When I was in my teens, I had a series of one-sided crushes started with a one sided love for a girl in my school-bus in the seventh standard. I found myself on the wrong side of these ' one sided' travails. I said to myself that I am timid and can never express my feelings and emotions to the girl I loved and that I was a failure in love. When I fell in love at the age of thirteen, I did not know there was something like love and had I really gathered courage and spoke to the girl, I don't know what I would have said! I said to myself, I don't know what happens to me when I fall ill, I don't know what happens to me in such situations- I must try to understand what's wrong with me. 

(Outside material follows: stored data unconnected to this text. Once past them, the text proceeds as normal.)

Lemma mu_sound_ind : mu_sound n.
Proof.
move=> f r m v C V ev_r ev_lt halt.
have [n' def_n halt'] := halted_by_step halt (unpair1_state _ _ _).
have [eval_IH _ _ _] := @IH n' ltac:(by rewrite def_n).
case: r ev_r halt halt' => [|k] ev_r _.
  by exists m, 1; split=> //; [rewrite def_n | exact: evM ev_r ev_lt | apply: step_mu_done].
rewrite step_mu_next => halt'.
have [r [k1 [le_k1 ev_r' run_k1]]] := eval_IH _ _ _ _ halt'.
have := halted_by_run halt' le_k1; rewrite run_k1 => halt''.
have [_ _ _ mu_IH] := @IH (n' - k1) ltac:(rewrite def_n; lia).
have ev_lt' m' : m' < m.+1 -> exists k, ev f (m' :: v) k.+1.
  by rewrite ltnS leq_eqVlt => /predU1P [->|/ev_lt //]; exists k.
have [y [k2 [le_k2 ev_y run_k2]]] := mu_IH _ _ _ _ _ _ ev_r' ev_lt' halt''.
exists y, (k1 + k2).+1; split=> //; first by rewrite def_n; lia.
by rewrite runSr step_mu_next run_add run_k1.
Qed.

End Soundness.

Lemma halted_ev n e v C V : halted_by n (eval_state e v C V) ->
  exists y k, [/\ k <= n, ev e v y & run k (eval_state e v C V) = cpair C (y ::: V)].
Proof.
have [eval_n _ _ _] : [/\ eval_sound n, args_sound n, prec_sound n & mu_sound n].
  elim/ltn_ind: n => n IH.
  by split; [apply: eval_sound_ind | apply: args_sound_ind | apply: prec_sound_ind
            | apply: mu_sound_ind].
exact: eval_n.
Qed.

(* [stage_output (cpair c a) (cpair s k)] is [w.+1] when the program coded by
   [c] halts on [[:: a; s]] within [k] steps with output [w], and [0] otherwise. *)
Definition start_state c a s := cpair (cpair 0 c ::: 0) ((a ::: s ::: 0) ::: 0).

Definition stage_output z k :=
  let s := run (unpair2 k) (start_state (unpair1 z) (unpair2 z) (unpair1 k)) in
  if unpair1 s == 0 then (code_head (unpair2 s)).+1 else 0.

Lemma computable_run : computable2 run.
Proof.
apply: (computable_ext (h := fun v => prim_rec (nth 0 v 1)
          (fun i r => step (nth 0 [:: i, r & v] 1)) (nth 0 v 0))).
  by move=> v _; rewrite /run; elim: (nth 0 v 0) => //= n ->.
apply: (computable_prim_rec (hb := fun w => step (nth 0 w 1))); try exact: computable_proj.
by apply: computable_comp1 computable_step _; apply: computable_proj.
Qed.
#[export] Hint Resolve computable_run : computable.

Lemma computable_stage_output : computable2 stage_output.
Proof. by rewrite /computable2 /stage_output /start_state; solve_computable. Qed.

Lemma stage_output_sound e a k w :
  stage_output (cpair (code_recf e) a) k = w.+1 -> ev e [:: a; unpair1 k] w.
Proof.
rewrite /stage_output unpair1_cpair unpair2_cpair; case: ifP => // halt [<-].
have [y [k' [le_k' ev_y run_k']]] := @halted_ev _ e [:: a; unpair1 k] 0 0 halt.
have -> : run (unpair2 k) (eval_state e [:: a; unpair1 k] 0 0) = cpair 0 (y ::: 0).
  by rewrite -(subnKC le_k') run_add run_k'; elim: (_ - _) => // n; rewrite runSr step_halted.
by rewrite unpair2_cpair code_head_cons.
Qed.

Lemma stage_output_complete e a s w :
  ev e [:: a; s] w -> exists k, stage_output (cpair (code_recf e) a) k = w.+1.
Proof.
move=> /ev_reaches /(_ 0 0) [n run_n]; exists (cpair s n).
rewrite /stage_output !unpair1_cpair !unpair2_cpair.
by rewrite [run _ _]run_n unpair1_cpair unpair2_cpair code_head_cons.
Qed.

(** * Running maxima *)

Lemma partial_of_computable2 G : computable2 G ->
  exists e, forall z t y, ev e [:: z; t] y <-> G z t = y.+1.
Proof.
move=> G_computable.
have [e He] : computable 3 (fun v => ((nth 0 v 0).+1 - G (nth 0 v 1) (nth 0 v 2)) +
                                   (G (nth 0 v 1) (nth 0 v 2) - (nth 0 v 0).+1)).
  by apply: computable_comp2 computable_addn _ _;
     apply: computable_comp2 computable_subn _ _; solve_computable.
exists (RMu e) => z t y; split.
- move=> ev_y; inversion ev_y as [| | | | | | ? ? ? ev_0]; subst.
  by have /= := ev_functional (He [:: y; z; t] erefl) ev_0; lia.
- move=> eq_G; apply: evM.
    by have := He [:: y; z; t] erefl; rewrite /= eq_G subnn; apply.
  move=> m lt_my; have := He [:: m; z; t] erefl; rewrite /= eq_G.
  have -> : (m.+1 - y.+1) + (y.+1 - m.+1) = (y - m).-1.+1 by lia.
  by move=> ?; exists (y - m).-1.
Qed.

Definition decides_lt D (lt : D -> D -> Prop) (rho : nat -> D) (cmp : nat -> nat -> nat) :=
  forall m n, cmp m n != 0 <-> lt (rho m) (rho n).

Section RunningMax.

Variables (D : Type) (lt : D -> D -> Prop) (rho : nat -> D) (cmp : nat -> nat -> nat).
Hypothesis cmpP : decides_lt lt rho cmp.

(* Partial values are coded in [nat] with [0] for "undefined" and [w.+1]
   for [rho w]; [max_update cmp o r] keeps the current maximum [r] unless
   the new value [o] is strictly larger. *)
Definition max_update o r :=
  if o == 0 then r else if r == 0 then o else if cmp r.-1 o.-1 == 0 then r else o.

Definition max_prefix (out : nat -> nat) n := prim_rec 0 (fun k r => max_update (out k) r) n.

Definition runmax out t : option D :=
  if max_prefix out t.+1 is y.+1 then Some (rho y) else None.

Lemma max_prefix_output out n : max_prefix out n = 0 \/ exists k, out k = max_prefix out n.
Proof.
rewrite /max_prefix; elim: n => [|k IH] /=; first by left.
rewrite {1 3}/max_update; case: eqP => out_k; first by [].
by case: eqP => _; [|case: eqP => _ //]; right; exists k.
Qed.

Lemma runmax_output out t d : runmax out t = Some d -> exists k w, out k = w.+1 /\ d = rho w.
Proof.
rewrite /runmax; case: (max_prefix_output out t.+1) => [->|[k]] //.
by case: (max_prefix out t.+1) => // y out_k [<-]; exists k, y.
Qed.

Hypothesis lt_trans : forall a b c, lt a b -> lt b c -> lt a c.

Lemma runmax_mono out t t' d d' : t <= t' ->
  runmax out t = Some d -> runmax out t' = Some d' -> d = d' \/ lt d d'.
Proof.
pose le_code r r' := r = 0 \/ r = r' \/ [/\ r <> 0, r' <> 0 & lt (rho r.-1) (rho r'.-1)].
have le_code_trans r1 r2 r3 : le_code r1 r2 -> le_code r2 r3 -> le_code r1 r3.
  case=> [->|[->|[? ? lt12]]]; [by left | by [] |].
  case=> [//|[<-|[_ ? lt23]]]; first by right; right.
  by right; right; split=> //; apply: lt_trans lt12 lt23.
have le_code_update o r : le_code r (max_update o r).
  rewrite /le_code /max_update; case: eqP => [_|/eqP o_neq0]; first by right; left.
  case: eqP => [->|/eqP r_neq0]; first by left.
  case: eqP => [_|/eqP /cmpP]; first by right; left.
  by right; right; split=> //; apply/eqP.
have le_code_runmax k : le_code (max_prefix out t.+1) (max_prefix out (t + k).+1).
  elim: k => [|k IH]; first by rewrite addn0; right; left.
  by apply: le_code_trans IH _; rewrite addnS; apply: le_code_update.
move=> /subnKC <-; rewrite /runmax.
case: (le_code_runmax (t' - t)) => [->//|[<- ->[<-]//|[]]]; first by left.
by case: (max_prefix _ _) => // y; case: (max_prefix _ _) => // y' _ _ lt_yy' [<-] [<-]; right.
Qed.

Lemma runmax_dominates out k w :
  (forall k' w', out k' = w'.+1 ->
     [\/ rho w' = rho w, lt (rho w') (rho w) | lt (rho w) (rho w')]) ->
  out k = w.+1 -> exists2 d, runmax out k = Some d & d = rho w \/ lt (rho w) d.
Proof.
move=> out_total out_k; rewrite /runmax {1}/max_prefix /= -/(max_prefix out k).
rewrite {1}/max_update out_k /=.
case: (max_prefix_output out k) => [->|[k' out_k']]; first by exists (rho w); last left.
move: out_k'; case: (max_prefix out k) => [|r out_k'] /=; first by exists (rho w); last left.
case: eqP => [cmp_eq0|_]; last by exists (rho w); last left.
exists (rho r) => //; case: (out_total _ _ out_k') => [->|lt_rw|]; [by left | | by right].
by move/cmpP: lt_rw; rewrite cmp_eq0.
Qed.

End RunningMax.

Lemma list_of_subset D (P : D -> Prop) (l : list D) :
  (forall d, P d -> List.In d l) -> exists l', forall d, P d <-> List.In d l'.
Proof.
elim: l P => [|a l IH] P P_l; first by exists nil => d; split => // /P_l.
have [l' Pa_l'] : exists l', forall d, (P d /\ d <> a) <-> List.In d l'.
  by apply: IH => d [/P_l [->|] //].
case: (classic (P a)) => Pa.
- exists (a :: l') => d; split; last by case=> [<-|/Pa_l' []].
  by case: (classic (d = a)) => [->|neq_da Pd]; [left | right; apply/Pa_l'].
- exists l' => d; split; last by case/Pa_l'.
  by move=> Pd; apply/Pa_l'; split=> // eq_da; rewrite eq_da in Pd.
Qed.

Fixpoint defined_values D (s : nat -> option D) n : list D :=
  if n is n'.+1 then
    if s n' is Some d then d :: defined_values s n' else defined_values s n'
  else nil.

Lemma defined_valuesP D (s : nat -> option D) n t d :
  t < n -> s t = Some d -> List.In d (defined_values s n).
Proof.
elim: n => // n IH; rewrite ltnS leq_eqVlt => /predU1P [<- /= -> |lt_tn s_t] /=; first by left.
by case: (s n) => [d'|]; [right|]; apply: IH.
Qed.

Lemma is_max_of_eq D (lt : D -> D -> Prop) (Y Y' : bspace)
    (f : elt Y -> nat -> option D) (f' : elt Y' -> nat -> option D) g g' y y' :
  is_max_of lt f g -> is_max_of lt f' g' ->
  (forall d, is_maxval lt f y d <-> is_maxval lt f' y' d) -> g y = g' y'.
Proof.
move=> gP g'P eq_max; have eq_g d : g y = Some d <-> g' y' = Some d.
  by rewrite gP g'P eq_max.
case E: (g y) => [d|]; first by symmetry; apply/eq_g.
by case E': (g' y') => [d'|] //; move/eq_g: E'; rewrite E.
Qed.

Section MaxOf.

Variables (D : Type) (lt : D -> D -> Prop).
Hypotheses (lt_irr : forall d, ~ lt d d) (lt_trans : forall a b c, lt a b -> lt b c -> lt a c).

Definition max_of (Y : bspace) (f : elt Y -> nat -> option D) (y : elt Y) : option D :=
  match excluded_middle_informative (exists d, is_maxval lt f y d) with
  | left ex_max => Some (proj1_sig (constructive_indefinite_description _ ex_max))
  | right _ => None
  end.

Lemma is_maxval_unique (Y : bspace) (f : elt Y -> nat -> option D) y d d' :
  is_maxval lt f y d -> is_maxval lt f y d' -> d = d'.
Proof.
move=> [_ [t f_t] max_d] [_ [t' f_t'] max_d'].
case: (max_d' _ _ f_t) => // lt_dd'; case: (max_d _ _ f_t') => // lt_d'd.
by case: (lt_irr (lt_trans lt_dd' lt_d'd)).
Qed.

Lemma max_ofP (Y : bspace) (f : elt Y -> nat -> option D) : is_max_of lt f (max_of f).
Proof.
move=> y d; rewrite /max_of; case: excluded_middle_informative => [ex_max|no_max].
  case: constructive_indefinite_description => d0 max_d0 /=.
  by split=> [[<-] //|/(is_maxval_unique max_d0) ->].
by split=> // max_d; case: no_max; exists d.
Qed.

And I tried to cope with or overcome my sense of failures with the drive for knowledge acquisition. I tried to 'understand' what was wrong with me and how could I fix it.I read voraciously on occultism in my twenties and thought that if I could have occult powers, I would be able to overcome all failures of my life. I read on Yoga and occultism and tried to actually practice it. I thought the best way to overcome the sense of failure and the idea that I was weak was to acquire more and more knowledge. What I actually gathered was a tremendous amount of absolutely useless information like what was the colour of agna-chakra or what is a chinaman or how is the Petrarchan sonnet different from the  English sonnet-or how Derridian 'differance'   undoes the architecture of western thought.The drive for knowledge acquisition became my habitual way of being. It has played a role in whatever success I have got till now, but even then, it was constituted to survive and fix what I thought was 'wrong' with me, and so more I went about gathering knowledge, more unfulfilled I was. It was a habitual way of being put in place to compensate for lack of power and effectiveness in my life and the more I practiced it the more powerless and ineffective I felt in life. So whenever, I perceive something is wrong, I bring out this habitual mode of being to deal with it- I try to 'understand', 'analyze' and 'research' that problem instead of taking actual actions needed to deal with it.

 So here it goes-I selected ' Translation of Narsinh Mehta's Poetry into English: With a Critical Appreciation' in order to' fix' what was wrong with my cultural identity- I saw myself as a 'rootless' person- having no real language or land of his own- a Maharashtrian born and brought up in Gujarat and teaching English literature to students who are neither interested in English nor in literature. I thought translation was a strategy to overcome my own cultural predicament and overcome my cultural alienation.  I thought writing poetry in Marathi would help me overcome this estrangement. Obviously, neither of the strategies worked.

This habitual mode of being that is more or less productive and that has given us some results in life is called a 'strong suit' in the language of Landmark Education. The strong suits are past-based and work in the default context of human life: survive and fix something seen as wrong or shouldn't be.It is our personal 'best practice' but it is incapable of giving us 'breakthrough' results in life where we are struck- had it been so capable it would have created breakthrough results by now. 

In fact, the strong-suits often result in misery. This drive for knowledge acquisition isolates me from friends and people in life who don't have such drives, I am estranged from them and I end up living in the world of loneliness and suffering.What actually was coming between me and my wife was my intellectual arrogance. It often has a negative influence on my performance. The Landmark Education points out how 'knowledge' doesn't necessarily lead to action- that there is no ' cause-effect' relation between knowledge and action ( Hamlet taught us something like this - but then Hamlet was all about 'literature' for a student of literature).  Steve Zaffron and Dave Logan in The Three Laws of Performance point out that the real source of our action is how situations or people 'occur' to us. Knowing how to control anger or fear or how to reduce weight does not necessarily lead us to taking actions- when the situation 'occurs' infuriating we are angry -no matter what formulas we have memorized or what knowledge of anger we have.

So how does one become a researcher?